A View from Mary Mossey
Social VR has incredible potential. Anonymity has a chance to get in the way of that.
One powerful thing about virtual reality is the way it lets you stand “face to face” with other people—sometimes people from the other side of the world who you’d never otherwise meet. People in social VR settings really tend to connect. I’ve seen people meet and become friends in VR and then continue the friendship in real life. I’ve seen people meet their significant others in virtual reality.
But this only works when people appear as their real selves. And one huge problem with social interactions in virtual reality is the degree of anonymity we’re finding there. It can alienate people who would otherwise be interested in giving social VR a try.
People using anonymity or maintaining a little more privacy isn’t always bad—a shy person might feel able to shake off awkwardness and adopt a more easygoing personality, for example. But what we see too often among the anonymous is bad behavior. With no real name or face it becomes easy to treat people in a critical or abusive way.
We are in the early stages of VR, much like the Internet in the 1990s. There are no rules and no law of the land. We are all learning what is okay and what isn’t. And as in those early Internet days, we’re learning that anonymity causes a degree of chaos and undesirable behaviors. It removes accountability. Anonymity lets people bully others without repercussions.
There’s no simple solution to the problem. Improvements in the areas of friend connections, avatars, and interaction design have helped, but haven’t solved it. App creators can help by creating clear standards, including repercussions for bad behavior. Benefits such as customized avatars, extra capabilities, and new features might help coax people to come out of the shadows and engage more authentically.

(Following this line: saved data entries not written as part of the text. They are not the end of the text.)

Lemma design_nonsing_space_sim_simpair A B A' B' : (0 < n)%N ->
  space_sim (mxsubst Q1 A B) (mxsubst P2 A B) (mxsubst Q1 A' B') (mxsubst P2 A' B') ->
  simpair A B A' B'.
Proof.
move=> n_gt0 [a [b [c [d [_ [S uS []]]]]]].
rewrite !mxsubst_Q1 !scalerDr !scale_scalar_mx !mulr1 -!addrA.
set X := a *: _ + _; set Y := c *: _ + _; set N1 := mxsubst P1 A' B' => eX eY.
have rX : raising 1 X by apply: raising_design_X.
have c_eq0 : c = 0.
  apply/eqP/negPn; rewrite -(design_unitmx _ n_gt0 (raising_design_X A B c d)).
  rewrite -(unitmx_conj _ uS) eY design_nonunit //.
  exact: raisingW (raisingM2 A' B').
have eX1 : invmx S *m ((a - 1)%:M + X) *m S = N1.
  rewrite raddfB /= addrAC mulmxBr mulmxBl mulmx1 mulVmx // eX.
  by rewrite addrC addKr.
have a_eq1 : a = 1.
  apply/eqP/negPn; rewrite -subr_eq0 -(design_unitmx _ n_gt0 rX).
  by rewrite -(unitmx_conj _ uS) eX1 design_nonunit //; apply: raisingM1.
move: eX1 eY; rewrite /X /Y a_eq1 c_eq0 subrr !raddf0 scale0r !add0r.
move=> /(intertwine_conj uS) eX1 /(intertwine_conj uS) eY.
exact: intertwiner_simpair eX1 eY n_gt0 uS (oner_neq0 F).
Qed.

End Design.

Theorem theorem1 (F : fieldType) :
  wild (@comm_space F) (@space_sim F) /\
  ((exists a : F, a != 0 /\ a != 1) ->
   wild (@comm_space_nonsing F) (@space_sim F)).
Proof.
split=> [|_].
  exists 9, (@P1 F), (@P2 F); split=> [n A B|n A B A' B'] n_gt0.
    exact: design_comm_space.
  by split; [apply: design_space_sim_simpair | apply: simpair_space_sim].
exists 9, (@Q1 F), (@P2 F); split=> [n A B|n A B A' B'] n_gt0.
  exact: design_comm_space_nonsing.
by split; [apply: design_nonsing_space_sim_simpair | apply: simpair_space_sim].
Qed.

Whatever we try, it will be worth the effort. Social VR lets people connect and communicate in a way that’s much more natural, more effective, and richer in context than current methods of communicating over a long distance. I’d like people to think about VR as a place you can go to express yourself authentically and connect with others. Within that space there’s fantastic potential for education, business, science, art, and entertainment. Anonymity kills that potential.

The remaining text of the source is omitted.